What is being asked »
Find every line in the data that contains the word "last". Return each of those lines.

Records drawn from a dataset »
/---
(* Let $n,m\in\mathbb{N}$ and $f,g:\mathbb{F}_2^n\to\mathbb{F}_2$. Then for every $\mathbf{z}\in\mathbb{F}_2^n$, $$C^{(m)}_{f,g}(\mathbf{z})=\zeta_m^{wt(\mathbf{z})}\sum_{\mathbf{u}\in\mathbb{F}_2^n}\mathcal{H}^{(m)}_f(\mathbf{u})\,\overline{\mathcal{H}^{(m)}_g(\mathbf{u})}\,(-1)^{\mathbf{u}\cdot\mathbf{z}}.$$
   Context: $\zeta_m=e^{2\pi i/m}$; $wt$ is Hamming weight; $\mathbf{x}\cdot\mathbf{y}=\bigoplus_i x_iy_i\in\mathbb{F}_2$; $\mathbf{x}\odot\mathbf{y}=\sum_i x_iy_i$ computed in the integers. The $m$-Hadamard transform is $\mathcal{H}^{(m)}_f(\boldsymbol{\omega})=2^{-n/2}\sum_{\mathbf{x}\in\mathbb{F}_2^n}(-1)^{f(\mathbf{x})\oplus\mathbf{x}\cdot\boldsymbol{\omega}}\zeta_m^{wt(\mathbf{x})}$, and the $m$-crosscorrelation is $C^{(m)}_{f,g}(\mathbf{y})=\sum_{\mathbf{x}\in\mathbb{F}_2^n}(-1)^{f(\mathbf{x})\oplus g(\mathbf{x}\oplus\mathbf{y})}(\zeta_m^2)^{\mathbf{x}\odot\mathbf{y}}$. *)

From mathcomp Require Import all_boot all_order all_algebra.
From mathcomp Require Import all_classical all_reals all_analysis.
From mathcomp Require Import complex.
Set Implicit Arguments. Unset Strict Implicit. Unset Printing Implicit Defensive.
Import Order.TTheory GRing.Theory Num.Theory.
Local Open Scope ring_scope.
Local Open Scope complex_scope.

(* Vectors of F_2^n are row vectors 'rV['F_2]_n; x (+) y is x + y. *)

Definition zeta (R : realType) (m : nat) : R[i] :=
  (cos (2 * pi / m%:R)) +i* (sin (2 * pi / m%:R)).

(* (-1)^a for a in F_2, as a complex number *)
Definition sgn (R : realType) (a : 'F_2) : R[i] := if a == 0 then 1 else -1.

Definition wt n (x : 'rV['F_2]_n) : nat := #|[set i | x ord0 i != 0]|.

Definition dotF2 n (x y : 'rV['F_2]_n) : 'F_2 := \sum_(i < n) x ord0 i * y ord0 i.

(* integer inner product x (.) y = sum_i x_i y_i computed in the integers *)
Definition dotZ n (x y : 'rV['F_2]_n) : nat :=
  (\sum_(i < n) nat_of_bool ((x ord0 i != 0%R) && (y ord0 i != 0%R)))%N.

Definition mHadamard (R : realType) (m n : nat) (f : 'rV['F_2]_n -> 'F_2)
    (w : 'rV['F_2]_n) : R[i] :=
  ((Num.sqrt (2 : R))^-1 ^+ n)%:C *
  \sum_(x : 'rV['F_2]_n) sgn R (f x + dotF2 x w) * zeta R m ^+ wt x.

Definition mCrosscorr (R : realType) (m n : nat) (f g : 'rV['F_2]_n -> 'F_2)
    (y : 'rV['F_2]_n) : R[i] :=
  \sum_(x : 'rV['F_2]_n) sgn R (f x + g (x + y)) * (zeta R m ^+ 2) ^+ dotZ x y.

From mathcomp Require Import all_boot all_order all_algebra.
From mathcomp Require Import all_classical all_reals all_analysis.
From mathcomp Require Import complex ring.
Set Implicit Arguments. Unset Strict Implicit. Unset Printing Implicit Defensive.
Import Order.TTheory GRing.Theory Num.Theory.
Local Open Scope ring_scope.
Local Open Scope complex_scope.

(* Expanding H_f(u) conj(H_g(u)) gives a double sum over x, y weighted by
   (-1)^(u.(x+y)).  Summed against (-1)^(u.z), the orthogonality relation
   sum_u (-1)^(u.w) = 2^n [w = 0] keeps only y = x + z, and the factor 2^n
   cancels the normalisation.  What remains is
   zeta^wt(z) zeta^wt(x) conj(zeta)^wt(x+z) = (zeta^2)^(x ⊙ z), because
   wt x + wt z = wt (x + z) + 2 (x ⊙ z) and zeta conj(zeta) = 1. *)

Lemma F2_cases (a : 'F_2) : a = 0 \/ a = 1.
Proof. by case: a => [[|[|k]] //= ?]; [left | right]; apply: val_inj. Qed.

Section BinaryVectors.
Variable n : nat.
Implicit Types x y z u w : 'rV['F_2]_n.

Lemma oppr_rowF2 x : - x = x.
Proof. by apply/matrixP => i j; rewrite mxE oppr_pchar2 // pchar_Fp. Qed.

Lemma addrr_eq0_rowF2 x y z : (x + y + z == 0) = (y == x + z).
Proof. by rewrite addrAC addrC -{1}[x + z]oppr_rowF2 subr_eq0. Qed.

Lemma dotF2C u w : dotF2 u w = dotF2 w u.
Proof. by apply: eq_bigr => i _; rewrite mulrC. Qed.

Lemma dotF2Dr u x y : dotF2 u (x + y) = dotF2 u x + dotF2 u y.
Proof. by rewrite /dotF2 -big_split; apply: eq_bigr => i _; rewrite !mxE mulrDr. Qed.

Lemma dotF2_0r u : dotF2 u 0 = 0.
Proof. by rewrite /dotF2 big1 // => i _; rewrite mxE mulr0. Qed.

Lemma wtE x : wt x = (\sum_i (x ord0 i != 0%R : nat))%N.
Proof.
by rewrite /wt cardsE -sum1_card big_mkcond; apply: eq_bigr => i _; rewrite unfold_in.
Qed.

Lemma wtD x z : (wt x + wt z = wt (x + z) + 2 * dotZ x z)%N.
Proof.
rewrite !wtE /dotZ big_distrr -!big_split; apply: eq_bigr => i _ /=.
by rewrite mxE; case: (F2_cases (x ord0 i)) => ->; case: (F2_cases (z ord0 i)) => ->.
Qed.

End BinaryVectors.

Lemma expr_wt_cross (C : comPzRingType) (a b : C) n (x z : 'rV['F_2]_n) :
  a * b = 1 -> a ^+ wt x * a ^+ wt z * b ^+ wt (x + z) = (a ^+ 2) ^+ dotZ x z.
Proof.
by move=> ab1; rewrite -exprD wtD exprD mulrAC -exprMn ab1 expr1n mul1r exprM.
Qed.

Section Characters.
Variables (R : realType) (n : nat).
Implicit Types x y z u w : 'rV['F_2]_n.

Lemma sgnD (a b : 'F_2) : sgn R (a + b) = sgn R a * sgn R b.
Proof.
by case: (F2_cases a) => ->; case: (F2_cases b) => ->;
  rewrite /sgn ?addr0 ?add0r ?(addrr_pchar2 (pchar_Fp _)) //= ?mulrNN ?mul1r ?mulr1.
Qed.

Lemma sgn_conj (a : 'F_2) : (sgn R a)^*%R = sgn R a.
Proof. by rewrite /sgn; case: ifP; rewrite ?rmorphN rmorph1. Qed.

Lemma sum_sgn_dotF2 w :
  \sum_u sgn R (dotF2 u w) = if w == 0 then (2 ^ n)%:R else 0.
Proof.
have [->|] := eqVneq w 0.
  under eq_bigr do rewrite dotF2_0r /sgn eqxx.
  by rewrite sumr_const card_mx card_Fp // mul1n.
case: (pickP (fun i => w ord0 i != 0)) => [i wi0 _|w0]; last first.
  by case/eqP; apply/matrixP => a b; rewrite (ord1 a) mxE; apply/eqP/negbFE/w0.
pose e : 'rV['F_2]_n := delta_mx ord0 i.
have dot_e : dotF2 e w = 1.
  rewrite /dotF2 (bigD1 i) //= big1 => [|j ji]; last by rewrite mxE eqxx (negbTE ji) mul0r.
  by rewrite mxE !eqxx mul1r addr0; case: (F2_cases (w ord0 i)) wi0 => ->.
(* translating u by e flips every sign, so the sum is its own opposite *)
have sumN : \sum_u sgn R (dotF2 u w) = - \sum_u sgn R (dotF2 u w).
  rewrite {1}(reindex_inj (addrI e)) -sumrN; apply: eq_bigr => u _.
  by rewrite dotF2C dotF2Dr dotF2C dot_e sgnD dotF2C /sgn /= mulN1r.
have : (\sum_u sgn R (dotF2 u w)) *+ 2 == 0 by rewrite mulr2n {1}sumN addNr.
by rewrite mulrn_eq0 => /eqP.
Qed.

Lemma sum_sgn_dotF2_conv (F : 'rV['F_2]_n -> 'rV['F_2]_n -> R[i]) z :
  \sum_u (\sum_x \sum_y F x y * sgn R (dotF2 u (x + y))) * sgn R (dotF2 u z) =
  (2 ^ n)%:R * \sum_x F x (x + z).
Proof.
have expand u : (\sum_x \sum_y F x y * sgn R (dotF2 u (x + y))) * sgn R (dotF2 u z) =
    \sum_x \sum_y F x y * sgn R (dotF2 u (x + y + z)).
  rewrite mulr_suml; apply: eq_bigr => x _; rewrite mulr_suml; apply: eq_bigr => y _.
  by rewrite (dotF2Dr u (x + y)) sgnD mulrA.
rewrite (eq_bigr _ (fun u _ => expand u)) exchange_big mulr_sumr; apply: eq_bigr => x _.
rewrite exchange_big.
under eq_bigr => y _ do rewrite -mulr_sumr sum_sgn_dotF2 addrr_eq0_rowF2.
rewrite (bigD1 (x + z)) //= eqxx big1 ?addr0 1?mulrC // => y /negbTE ->.
by rewrite mulr0.
Qed.

End Characters.

Lemma mul_zeta_conj (R : realType) m : zeta R m * (zeta R m)^* = 1.
Proof.
apply/eqP; rewrite eq_complex /= mulrN opprK -!expr2 cos2Dsin2 eqxx /=.
by rewrite mulrN mulrC addNr.
Qed.

Lemma hadamard_scale_sqr (R : rcfType) n :
  ((Num.sqrt (2 : R))^-1 ^+ n)%:C ^+ 2 = ((2 ^ n)%:R)^-1 :> R[i].
Proof.
rewrite -rmorphXn -exprM mulnC exprM exprVn sqr_sqrtr ?ler0n //.
by rewrite exprVn -natrX fmorphV rmorph_nat.
Qed.

Section HadamardProduct.
Variables (R : realType) (m n : nat).
Implicit Types (f g : 'rV['F_2]_n -> 'F_2) (u : 'rV['F_2]_n).

Lemma mHadamard_conj g u :
  (mHadamard R m g u)^*%R =
  ((Num.sqrt (2 : R))^-1 ^+ n)%:C *
  \sum_y sgn R (g y + dotF2 y u) * (zeta R m)^* ^+ wt y.
Proof.
rewrite rmorphM rmorph_sum; congr (_ * _); first exact: conjc_real.
by apply: eq_bigr => y _; rewrite rmorphM rmorphXn; congr (_ * _); exact: sgn_conj.
Qed.

Lemma mHadamard_mul_conj f g u :
  mHadamard R m f u * (mHadamard R m g u)^* =
  ((2 ^ n)%:R)^-1 * \sum_x \sum_y
    sgn R (f x + g y) * zeta R m ^+ wt x * (zeta R m)^* ^+ wt y *
    sgn R (dotF2 u (x + y)).
Proof.
rewrite mHadamard_conj /mHadamard mulrACA -expr2 hadamard_scale_sqr; congr (_ * _).
rewrite mulr_suml; apply: eq_bigr => x _; rewrite mulr_sumr; apply: eq_bigr => y _.
rewrite dotF2Dr !sgnD (dotF2C x u) (dotF2C y u).
ring.
Qed.

End HadamardProduct.

Theorem theorem5 (R : realType) (n m : nat) (f g : 'rV['F_2]_n -> 'F_2)
    (z : 'rV['F_2]_n) :
  mCrosscorr R m f g z =
  zeta R m ^+ wt z *
  \sum_(u : 'rV['F_2]_n)
     mHadamard R m f u * (mHadamard R m g u)^* * sgn R (dotF2 u z).
Proof.
under eq_bigr => u _ do rewrite mHadamard_mul_conj -mulrA.
rewrite -mulr_sumr (sum_sgn_dotF2_conv
  (fun x y => sgn R (f x + g y) * zeta R m ^+ wt x * (zeta R m)^* ^+ wt y)).
rewrite mulKf ?pnatr_eq0 ?expn_eq0 // /mCrosscorr mulr_sumr.
apply: eq_bigr => x _.
rewrite -(expr_wt_cross x z (mul_zeta_conj R m)).
ring.
Qed.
\---
Answer to this task »
case: (pickP (fun i => w ord0 i != 0)) => [i wi0 _|w0]; last first.
  rewrite /dotF2 (bigD1 i) //= big1 => [|j ji]; last by rewrite mxE eqxx (negbTE ji) mul0r.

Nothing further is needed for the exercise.